Aussies Spent $3.23 Billion On Games Last Year


  • I know you’d never get them on board to reveal it, as it could potentially hurt their business model and reveal it’s flaws, but I’d love to know how much of our spend is the “Reinvest” component. All those games that get traded into EbGames and Gametraders as credit, and therefore aren’t actually new spend into the market.

  • Hey Australian government, see any good reasons to seriously invest in this industry?

    I see over 3 billion of them.

    • They’ll invest when they work out a taxation model that hinders the industry but benefits the pollies retirement coffers…

    • That’s not how it works.

      “Australians spent $X bil on movie/TVshows” does not correlate to “Australians will spend $X bil on Australian-produced movie/TVshows”.

      Same with games. Run some numbers. With investment, how many games does Australia pump out compared to the rest of the world? Lets say y%. Ok, so y% of worldwide games are Made in Australia, thus its likely y% of the $3bil Aussies spent was spent on local resources. Add in some worldwide numbers. Are those numbers worthwhile for the gov? I dunno, you likely dunno, cos we don’t have numbers.

      Secondly, why should gov invest? You can clearly see that Some Shitty Mobile App with microtransactions can roll in the dough, so why do they need government backing? I’ve never seen an answer.

      • For your first point, sure it’s an international market. The point is that it is big and growing, as shown by the $3B figure.

        For the second one, government support is a great way to grow a new industry and bring in private investment. Games (and apps, which you mentioned) are expensive to make and can take a long time to bring to market, which might turn off private investors. It would be especially hard for new developers that might not have a proven track record yet.

        Also, your argument makes no sense. If mobile apps make lots of money, then surely the government should invest lots of money into the industry and watch the tax dollars roll in.

    • Serious question, why should / would the government invest in games? Why can’t private companies do this themselves.

      • Yes, private companies can cover this investment. But that is not the reason the government should invest.
        The government should invest to grow an industry in Australia.
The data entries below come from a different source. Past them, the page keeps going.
Lemma uniformly_baire_compl A : uniformly_baire A -> uniformly_baire (fun x => ~ A x).
Proof.
  intros [O [[B [V [HB [HV HO]]]] [W [HW HA]]]].
  (* An open set missing the section [O x] contains a basic ball, whose points lie in
     [O' x]; hence [O \/ O'] has dense sections. *)
  set (B' := fun n x => forall j, B j x -> forall h, V j h -> ~ ball n h).
  set (O' := fun x g => exists n, B' n x /\ ball n g).
  assert (HO' : rect_open O').
  { exists B', ball; repeat split; auto using basic_ball_open.
    intro n; apply (borel_ext dX (fun x => forall j, ~ B j x \/ forall h, V j h -> ~ ball n h)).
    - intro x; unfold B'; split; [intros H j Bj; destruct (H j); tauto |].
      intros H j; destruct (classic (B j x)); [right; apply H | left]; auto.
    - apply borel_inter; intro j; apply borel_or; auto using borel_compl, borel_const. }
  exists O'; split; [exact HO' |].
  exists (fun k => match k with 0%nat => fun x g => O x g \/ O' x g | S k => W k end); split.
  - intros [|k]; [| apply HW]; split.
    + apply rect_open_or; [exists B, V |]; auto.
    + intros x U HU [u Uu].
      destruct (classic (exists g, U g /\ O x g)) as [[g Hg] | Hmiss]; [exists g; tauto |].
      destruct (HU u Uu) as [eps [Heps HUeps]].
      destruct (basis_small dG t0 DG HmG HDG u eps 1 Heps) as [n [_ [Hu Hn]]]; [lra |].
      exists u; split; [exact Uu | right; exists n; split; [| exact Hu]].
      intros j Bj h Vh Hh; apply Hmiss; exists h; split.
      * apply HUeps, Hn, basic_ball_closed_ball, Hh.
      * apply HO; eauto.
  - intros x g HWg; specialize (HA x g (fun k => HWg (S k))).
    assert (Hdisj : O' x g -> ~ A (act g x)).
    { intros [n [HB' Hg]] Ag; apply HA, HO in Ag as [j [Bj Vj]]; exact (HB' j Bj g Vj Hg). }
    destruct (HWg 0%nat); tauto.
Qed.

Lemma uniformly_baire_union (A : nat -> X -> Prop) :
  (forall n, uniformly_baire (A n)) -> uniformly_baire (fun x => exists n, A n x).
Proof.
  intros HA.
  destruct (choice (fun n (p : (X -> G -> Prop) * (nat -> X -> G -> Prop)) =>
    rect_open (fst p) /\ (forall k, rect_open (snd p k) /\ dense_sections (snd p k)) /\
    forall x g, (forall k, snd p k x g) -> (A n (act g x) <-> fst p x g))) as [f Hf].
  { intro n; destruct (HA n) as [O [HO [W HW]]]; exists (O, W); auto. }
  exists (fun x g => exists n, fst (f n) x g); split.
  { apply rect_open_union; intro n; apply (Hf n). }
  exists (fun m => snd (f (fst (of_nat m))) (snd (of_nat m))); split; [intro m; apply Hf |].
  intros x g HWg.
  assert (Hn : forall n, A n (act g x) <-> fst (f n) x g).
  { intro n; apply (Hf n); intro k.
    specialize (HWg (to_nat (n, k))); rewrite cancel_of_to in HWg; exact HWg. }
  split; intros [n Hn']; exists n; apply Hn; exact Hn'.
Qed.

Lemma uniformly_baire_borel A : borel dX A -> uniformly_baire A.
Proof.
  intros HA; apply HA; [split |].
  - apply uniformly_baire_compl.
  - apply uniformly_baire_union.
  - apply uniformly_baire_open.
Qed.

Lemma nowhere_dense_compl_section W x :
  rect_open W -> dense_sections W -> nowhere_dense dG (fun g => ~ W x g).
Proof.
  intros [B [V [HB [HV HW]]]] Hdense U HU Hcl g0 Ug0.
  destruct (Hdense x U HU (ex_intro _ g0 Ug0)) as [g [Ug Wg]].
  apply HW in Wg as [j [Bj Vj]].
  destruct (Hcl g Ug (fun z => U z /\ V j z)) as [z [[Uz Vz] nW]];
    [apply open_and; auto | auto |].
  apply nW, HW; eauto.
Qed.

End UniformBaire.

Section Selector.
Context {G X : Type} (dG : G -> G -> R) (dX : X -> X -> R) (act : G -> X -> X).
Context (t0 : G) (DG : nat -> option G).
Local Notation cball := (closed_ball dG t0 DG).
Hypothesis HmG : is_metric dG.
Hypothesis HcG : complete_metric dG.
Hypothesis HDG : dense_enum dG DG.
Hypothesis HmX : is_metric dX.
Hypothesis Hact : continuous2 dG dX dX act.

Variables (B : nat -> X -> Prop) (V : nat -> G -> Prop).
Variables (BW : nat -> nat -> X -> Prop) (VW : nat -> nat -> G -> Prop).
Hypothesis HB : forall j, borel dX (B j).
Hypothesis HV : forall j, is_open dG (V j).
Hypothesis HBW : forall k j, borel dX (BW k j).
Hypothesis HVW : forall k j, is_open dG (VW k j).
Hypothesis Hdense : forall k, dense_sections dG (fun x g => exists j, BW k j x /\ VW k j g).
Hypothesis Hstart : forall x, exists g j, B j x /\ V j g.

Definition selector_req (x : X) (k i : nat) : Prop :=
  match k with
  | 0%nat => exists j, B j x /\ forall y, cball i y -> V j y
  | S k => exists j, BW k j x /\ forall y, cball i y -> VW k j y
  end.

Lemma selector_req_attainable x : attainable dG t0 DG (selector_req x).
Proof.
  apply (attainable_of_open dG t0 DG HmG HDG).
  - destruct (Hstart x) as [g [j [Bj Vg]]].
    exists (V j), g; repeat split; auto; exists j; auto.
  - intros k U u HU Uu.
    destruct (Hdense k x U HU (ex_intro _ u Uu)) as [g [Ug [j [Bj Vg]]]].
    exists (fun y => U y /\ VW k j y), g; repeat split; auto using open_and; try tauto.
    intros i Hi; exists j; split; [exact Bj | intros y Hy; apply Hi, Hy].
Qed.

Lemma borel_selector_req k i : borel dX (fun x => selector_req x k i).
Proof.
  destruct k as [|k]; apply borel_union; intro j; simpl.
  - apply (borel_ext dX (fun x => (forall y, cball i y -> V j y) /\ B j x));
      [intro x; apply and_comm | apply borel_and; auto using borel_const].
  - apply (borel_ext dX (fun x => (forall y, cball i y -> VW k j y) /\ BW k j x));
      [intro x; apply and_comm | apply borel_and; auto using borel_const].
Qed.

Definition selector (x : X) : G :=
  epsilon (inhabits t0) (fun g => forall k, cball (nested_index dG t0 DG (selector_req x) k) g).

Lemma selector_in_nested_balls x k :
  cball (nested_index dG t0 DG (selector_req x) k) (selector x).
Proof.
  revert k; unfold selector; apply epsilon_spec.
  apply (nested_balls_meet dG t0 DG HmG HcG), selector_req_attainable.
Qed.

Lemma selector_in_rects x :
  (exists j, B j x /\ V j (selector x)) /\
  forall k, exists j, BW k j x /\ VW k j (selector x).
Proof.
  pose proof (nested_index_req dG t0 DG _ (selector_req_attainable x)) as Hreq.
  split; [| intro k]; [destruct (Hreq 0%nat) as [j [Bj Hj]] | destruct (Hreq (S k)) as [j [Bj Hj]]];
    exists j; split; auto; apply Hj, selector_in_nested_balls.
Qed.

Lemma borel_selector_preimage U :
  is_open dX U -> borel dX (fun x => U (act (selector x) x)).
Proof.
  intros HU.
  apply (borel_ext dX (fun x => exists m k i, nested_index dG t0 DG (selector_req x) k = i /\
    uniformly_inside dX act (cball i) (/ INR (S m)) U x)).
  - intro x; split.
    + intros [m [k [i [<- Hin]]]]; apply (Hin (selector x) (selector_in_nested_balls x k)).
      rewrite (dist_refl dX HmX); apply inv_INR_S_pos.
    + intros HUx.
      destruct (uniformly_inside_near dG dX act HmX Hact U (selector x) x HU HUx)
        as [delta [m [Hdelta Hnear]]].
      destruct (exists_inv_INR_S_lt (delta / 2)) as [k Hk]; [lra |].
      exists m, k, (nested_index dG t0 DG (selector_req x) k); split; auto.
      apply Hnear; intros h Hh.
      pose proof (closed_ball_dist dG t0 DG HmG _ _ _ (selector_in_nested_balls x k) Hh).
      pose proof (nested_index_radius dG t0 DG _ (selector_req_attainable x) k); lra.
  - do 3 (apply borel_union; intro); apply borel_and.
    + apply (borel_nested_index dG t0 DG dX); auto using selector_req_attainable, borel_selector_req.
    + apply (borel_uniformly_inside dG dX act HmG HmX Hact).
Qed.

End Selector.

Lemma lg_comeager_witness {G X : Type} (dG : G -> G -> R) (dX : X -> X -> R)
    (act : G -> X -> X) (t0 : G) (C : X -> Prop) (O : X -> G -> Prop)
    (W : nat -> X -> G -> Prop) :
  polish_metric dG -> (forall k, rect_open dG dX (W k) /\ dense_sections dG (W k)) ->
  (forall x g, (forall k, W k x g) -> (C (act g x) <-> O x g)) ->
  lg_comeager dG act C -> forall x, exists g, O x g.
Proof.
  intros HG HW HCO Hlg x.
  destruct (baire_category dG t0 HG (fun g => exists n,
    match n with 0%nat => ~ C (act g x) | S k => ~ W k x g end)) as [g Hg].
  - apply meager_union; intros [|k]; [apply Hlg |].
    apply nowhere_dense_meager, (nowhere_dense_compl_section dG dX); apply HW.
  - exists g; apply HCO.
    + intro k; apply NNPP; intro nW; apply Hg; exists (S k); exact nW.
    + apply NNPP; intro nC; apply Hg; exists 0%nat; exact nC.
Qed.

Theorem borel_selector {G X : Type} (dG : G -> G -> R) (dX : X -> X -> R)
    (act : G -> X -> X) (t0 : G) (C : X -> Prop) :
  polish_metric dG -> is_metric dX -> continuous2 dG dX dX act ->
  borel dX C -> lg_comeager dG act C ->
  exists s : X -> G, (forall x, C (act (s x) x)) /\
    forall U, is_open dX U -> borel dX (fun x => U (act (s x) x)).
Proof.
  intros HG HmX Hact HC Hlg; pose proof HG as [HmG [HcG [DG HDG]]].
  destruct (uniformly_baire_borel dG dX act t0 DG HmG HmX HDG Hact C HC)
    as [O [[B [V [HB [HV HO]]]] [W [HW HCO]]]].
  destruct (choice (fun k (p : (nat -> X -> Prop) * (nat -> G -> Prop)) =>
    (forall j, borel dX (fst p j)) /\ (forall j, is_open dG (snd p j)) /\
    forall x g, W k x g <-> exists j, fst p j x /\ snd p j g)) as [f Hf].
  { intro k; destruct (proj1 (HW k)) as [BW [VW HBVW]]; exists (BW, VW); exact HBVW. }
  assert (HWf : forall k x g, W k x g <-> exists j, fst (f k) j x /\ snd (f k) j g)
    by (intro k; apply Hf).
  assert (Hstart : forall x, exists g j, B j x /\ V j g).
  { intro x; destruct (lg_comeager_witness dG dX act t0 C O W HG HW HCO Hlg x) as [g Hg].
    apply HO in Hg; eauto. }
  set (BW := fun k => fst (f k)); set (VW := fun k => snd (f k)).
  assert (HBW : forall k j, borel dX (BW k j)) by (intro k; apply Hf).
  assert (HVW : forall k j, is_open dG (VW k j)) by (intro k; apply Hf).
  assert (Hdense : forall k, dense_sections dG (fun x g => exists j, BW k j x /\ VW k j g)).
  { intros k x U HU HUne; destruct (proj2 (HW k) x U HU HUne) as [g [Ug Wg]].
    exists g; split; [exact Ug | apply HWf, Wg]. }
  exists (selector dG t0 DG B V BW VW); split.
  - intro x; destruct (selector_in_rects dG t0 DG HmG HcG HDG B V BW VW HV HVW Hdense Hstart x)
      as [HOs HWs].
    apply HCO; [intro k; apply HWf, HWs | apply HO, HOs].
  - exact (borel_selector_preimage dG dX act t0 DG HmG HcG HDG HmX Hact
      B V BW VW HB HV HBW HVW Hdense Hstart).
Qed.

Lemma orbit_rel_act_iff {G X : Type} (mul : G -> G -> G) (inv : G -> G) (e : G)
    (act : G -> X -> X) :
  is_group mul inv e -> (forall x, act e x = x) ->
  (forall g h x, act (mul g h) x = act g (act h x)) ->
  forall a b x y, orbit_rel act (act a x) (act b y) <-> orbit_rel act x y.
Proof.
  intros [_ [_ Hinv]] Hact1 Hact2.
  assert (Hcancel : forall g x, act (inv g) (act g x) = x)
    by (intros g x; rewrite <- Hact2, (proj1 (Hinv g)); apply Hact1).
  intros a b x y; split; intros [h Hh].
  - exists (mul (inv b) (mul h a)); rewrite !Hact2, Hh; apply Hcancel.
  - exists (mul b (mul h (inv a))); rewrite !Hact2, Hcancel, Hh; reflexivity.
Qed.

Lemma borel_reducible_restriction {G X : Type} (dX : X -> X -> R) (act : G -> X -> X)
    (C : X -> Prop) :
  borel_reducible (sub_borel dX C) (borel dX) (orbit_rel_on act C) (orbit_rel act).
Proof.
  exists (@proj1_sig X C); split; [| reflexivity].
  intros A HA; exists A; split; [exact HA | reflexivity].
Qed.

Lemma borel_reducible_to_restriction {G X : Type} (dX : X -> X -> R)
    (mul : G -> G -> G) (inv : G -> G) (e : G) (act : G -> X -> X)
    (C : X -> Prop) (s : X -> G) :
  is_group mul inv e -> (forall x, act e x = x) ->
  (forall g h x, act (mul g h) x = act g (act h x)) ->
  forall (HsC : forall x, C (act (s x) x)),
  (forall U, is_open dX U -> borel dX (fun x => U (act (s x) x))) ->
  borel_reducible (borel dX) (sub_borel dX C) (orbit_rel act) (orbit_rel_on act C).
Proof.
  intros Hgroup Hact1 Hact2 HsC Hs.
  exists (fun x => exist C (act (s x) x) (HsC x)); split.
  - intros A [A' [HA' HAA']].
    apply (borel_ext dX (fun x => A' (act (s x) x))); [intro x; symmetry; apply HAA' |].
    exact (borel_preimage dX dX _ Hs A' HA').
  - intros x y; symmetry; apply (orbit_rel_act_iff mul inv e act Hgroup Hact1 Hact2).
Qed.

Theorem mainTheorem7 (G : Type) (dG : G -> G -> R) (mul : G -> G -> G)
  (inv : G -> G) (e : G) (X : Type) (dX : X -> X -> R) (act : G -> X -> X)
  (C : X -> Prop) :
  polish_group dG mul inv e ->
  polish_metric dX ->
  continuous_action dG mul e dX act ->
  borel dX C ->
  lg_comeager dG act C ->
  borel_bireducible (sub_borel dX C) (borel dX) (orbit_rel_on act C) (orbit_rel act).
Proof.
  intros [HG [Hgroup _]] [HmX _] [Hact1 [Hact2 Hact]] HC Hlg.
  destruct (borel_selector dG dX act e C HG HmX Hact HC Hlg) as [s [HsC Hs]].
  split.
  - apply borel_reducible_restriction.
  - exact (borel_reducible_to_restriction dX mul inv e act C s Hgroup Hact1 Hact2 HsC Hs).
Qed.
We should want companies incorporated in Australia bringing their profits to Australia and employing Australians to make games.
        Those private companies pulled out of Australia because our government is not supporting the industry, so they can produce the games cheaper overseas.

  • Geez mobile games make almost 75% the amount that ‘real’ games make, doesn’t seem like much incentive to make quality games when you can do Candy Crush 53 and make almost the same money!
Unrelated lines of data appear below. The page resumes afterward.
Lemma gembeds_gsub p I : sorted ltn I -> all (fun i => i < size (gpt p)) I ->
  gembeds (gsub p I) p (nth 0 I).
Proof.
move=> sorted_I /allP I_lt; rewrite /gembeds /pembeds size_gsub.
have nth_lt i : i < size I -> nth 0 I i < size (gpt p) by move=> lt_i; exact: I_lt (mem_nth 0 lt_i).
split; last by move=> i lt_i; rewrite /= !(nth_map 0).
split=> [i j /andP[lt_ij lt_j]|].
  by apply: (sorted_ltn_nth ltn_trans) => //; rewrite inE (ltn_trans lt_ij).
split=> // i j lt_i lt_j; rewrite nth_std_ltn ?size_map //.
by rewrite !(nth_map 0).
Qed.

Lemma gembeds_comp p q s f g : gembeds p q f -> gembeds q s g -> gembeds p s (g \o f).
Proof.
move=> [[f_incr [f_lt f_val]] f_cell] [[g_incr [g_lt g_val]] g_cell].
split; last first.
  move=> i lt_i /=; have [<- <-] := f_cell i lt_i.
  exact: g_cell (f_lt i lt_i).
split=> [i j /andP[lt_ij lt_j]|]; first by apply: g_incr; rewrite f_incr ?lt_ij // f_lt.
split=> [i lt_i|i j lt_i lt_j]; first exact/g_lt/f_lt.
by rewrite f_val // g_val ?f_lt.
Qed.

Section Gridded.
Variables (M : nat -> nat -> int) (m n : nat).

Lemma gridded_gembeds q p f : is_perm (gpt q) -> size (gcol q) = size (gpt q) ->
  size (grow q) = size (gpt q) -> is_gridded M m n p -> gembeds q p f ->
  is_gridded M m n q.
Proof.
move=> perm_q size_cl size_rw [_ [_ [_ [p_bound [p_col [p_row [p_cell p_mono]]]]]]].
move=> [[f_incr [f_lt f_val]] f_cell].
do 3!split=> //.
split=> [i /[dup] lt_i /f_cell[<- <-]|]; first exact/p_bound/f_lt.
split=> [i j /andP[]|].
  rewrite leq_eqVlt => /orP[/eqP-> //|lt_ij lt_j]; have lt_i := ltn_trans lt_ij lt_j.
  have [<- _] := f_cell i lt_i; have [<- _] := f_cell j lt_j.
  by apply: p_col; rewrite ltnW ?f_incr ?lt_ij ?f_lt.
split=> [i j lt_i lt_j|].
  have [_ <-] := f_cell i lt_i; have [_ <-] := f_cell j lt_j.
  by rewrite f_val //; apply: p_row; apply: f_lt.
split=> [i /[dup] lt_i /f_cell[<- <-]|i j /andP[lt_ij lt_j]]; first exact/p_cell/f_lt.
have lt_i := ltn_trans lt_ij lt_j; rewrite !f_val //.
have [<- <-] := f_cell i lt_i; have [<- <-] := f_cell j lt_j.
by apply: p_mono; rewrite f_incr ?lt_ij ?f_lt.
Qed.

Lemma gsub_gridded p I : is_gridded M m n p -> sorted ltn I ->
  all (fun i => i < size (gpt p)) I -> is_gridded M m n (gsub p I).
Proof.
move=> p_gr sorted_I I_lt; have [perm_p _] := p_gr.
apply: gridded_gembeds p_gr (gembeds_gsub sorted_I I_lt); rewrite ?size_gsub ?size_map //.
apply: std_is_perm; rewrite map_inj_in_uniq ?(sorted_uniq ltn_trans ltnn) //.
move=> i j /(allP I_lt) lt_i /(allP I_lt) lt_j /eqP.
by rewrite nth_uniq ?is_perm_uniq // => /eqP.
Qed.

End Gridded.

Definition cell (p : gperm) (i : nat) : nat * nat := (nth 0 (gcol p) i, nth 0 (grow p) i).

Section Precedes.
Variables (c r : nat -> int).

(* The constraint that an M-sum imposes on a point i of its first summand and a
   point j of its second: compare with the last clause of [msum]. *)
Definition precedes (p : gperm) (i j : nat) : Prop :=
  let ci := nth 0 (gcol p) i in let cj := nth 0 (gcol p) j in
  let ri := nth 0 (grow p) i in let rj := nth 0 (grow p) j in
  let yi := nth 0 (gpt p) i in let yj := nth 0 (gpt p) j in
  (ci = cj -> (c ci = 1%R -> i < j) /\ (c ci = (-1)%R -> j < i)) /\
  (ri = rj -> (r ri = 1%R -> yi < yj) /\ (r ri = (-1)%R -> yj < yi)).

Lemma precedes_gembeds q p f i j : gembeds q p f ->
  i < size (gpt q) -> j < size (gpt q) -> precedes q i j -> precedes p (f i) (f j).
Proof.
move=> [[f_incr [_ f_val]] f_cell] lt_i lt_j [prec_col prec_row]; rewrite /precedes.
have [-> ->] := f_cell i lt_i; have [-> ->] := f_cell j lt_j; rewrite -!f_val //.
split=> [/prec_col[pos neg]|//].
by split=> [/pos lt_ij|/neg lt_ji]; apply: f_incr; rewrite ?lt_ij ?lt_ji.
Qed.

Variables (M : nat -> nat -> int) (m n : nat).
Hypothesis signs : pm_signs M m n c r.

Lemma precedes_ltnE p i j : is_gridded M m n p ->
  i < size (gpt p) -> j < size (gpt p) -> i != j -> precedes p i j ->
  (i < j) = let ci := nth 0 (gcol p) i in let cj := nth 0 (gcol p) j in
            if ci == cj then c ci == 1%R else ci < cj.
Proof.
move=> [_ [_ [_ [bound [col_mono _]]]]] lt_i lt_j neq_ij [prec_col _] /=.
case: eqP => [eq_col|neq_col].
  have [c_sign _] := signs; have [pos neg] := prec_col eq_col.
  case/orP: (c_sign _ (bound i lt_i).1) => /eqP c_i; first by rewrite c_i pos.
  by rewrite c_i ltnNge ltnW ?neg.
have := col_mono i j; have := col_mono j i; move/eqP: neq_col; move/eqP: neq_ij; lia.
Qed.

Lemma precedes_val_ltnE p i j : is_gridded M m n p ->
  i < size (gpt p) -> j < size (gpt p) -> i != j -> precedes p i j ->
  (nth 0 (gpt p) i < nth 0 (gpt p) j) =
    let ri := nth 0 (grow p) i in let rj := nth 0 (grow p) j in
    if ri == rj then r ri == 1%R else ri < rj.
Proof.
move=> [perm_p [_ [_ [bound [_ [row_mono _]]]]]] lt_i lt_j neq_ij [_ prec_row] /=.
have neq_y : nth 0 (gpt p) i != nth 0 (gpt p) j by rewrite nth_uniq ?is_perm_uniq.
case: eqP => [eq_row|neq_row].
  have [_ [r_sign _]] := signs; have [pos neg] := prec_row eq_row.
  case/orP: (r_sign _ (bound i lt_i).2) => /eqP r_i; first by rewrite r_i pos.
  by rewrite r_i ltnNge ltnW ?neg.
have := row_mono i j lt_i lt_j; have := row_mono j i lt_j lt_i.
move/eqP: neq_row; move/eqP: neq_y; lia.
Qed.

Lemma precedes_agree p p' i j i' j' : is_gridded M m n p -> is_gridded M m n p' ->
  i < size (gpt p) -> j < size (gpt p) -> i' < size (gpt p') -> j' < size (gpt p') ->
  i != j -> i' != j' -> cell p' i' = cell p i -> cell p' j' = cell p j ->
  precedes p i j -> precedes p' i' j' ->
  (i < j) = (i' < j') /\
  (nth 0 (gpt p) i < nth 0 (gpt p) j) = (nth 0 (gpt p') i' < nth 0 (gpt p') j').
Proof.
move=> p_gr p'_gr lt_i lt_j lt_i' lt_j' neq_ij neq_ij' [col_i row_i] [col_j row_j] prec prec'.
rewrite (precedes_ltnE p_gr) // (precedes_ltnE p'_gr) //.
by rewrite (precedes_val_ltnE p_gr) // (precedes_val_ltnE p'_gr) //= col_i col_j row_i row_j.
Qed.

End Precedes.

Lemma mem_mask_negb (T : eqType) (s : seq T) A x : uniq s -> size A = size s ->
  x \in s -> (x \in mask (map negb A) s) = (x \notin mask A s).
Proof.
by move=> uniq_s size_A sx; rewrite !in_mask // sx (nth_map false) // size_A index_mem.
Qed.

Lemma filter_mask_uniq (T : eqType) (a : pred T) A (s : seq T) : uniq s ->
  filter a (mask A s) = [seq x <- s | a x && (x \in mask A s)].
Proof. by move=> uniq_s; rewrite {1}(mask_filter A uniq_s) -filter_predI. Qed.

Definition block (I : seq nat) (beta : nat -> nat) (j : nat) : seq nat :=
  [seq p <- I | beta p == j].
    • It’s a funny predicament for major game publishers, actually.

      They’re only just now starting to speak publicly about realizing that mobile and AAA desktop/console (‘core gaming’) are different markets with different qualities, and that the traits that make fucktonnes of money hand over fist don’t necessarily translate well to the ‘core’ market.

      They’d pitch the whole thing in altogether and focus exclusively on mobile if it wasn’t such a risky prospect, and if it wasn’t leaving money on the table.

      Because, see, then indies would go and make games as creative expression… and if the AAA publishers aren’t there to control that market, then the indies would make shitloads of money from the ‘abandoned’ market. And we can’t have that! If there’s shitloads of money sloshing around, it absolutely shouldn’t be going into the hands of creatives… they wouldn’t know what to do with it. No, that money belongs in corporate strongholds for the benefit of investors.

      It’s for the best, really. Even if it’s slimmer margins than mobile, long-term investment without return, and unpredictable return. The alternative (creative indies making fucktonnes of money) is unthinkable.

    • It could be reasoning why publishers are starting to push pay to win mechanics on PC and console. It generates so much money for mobile.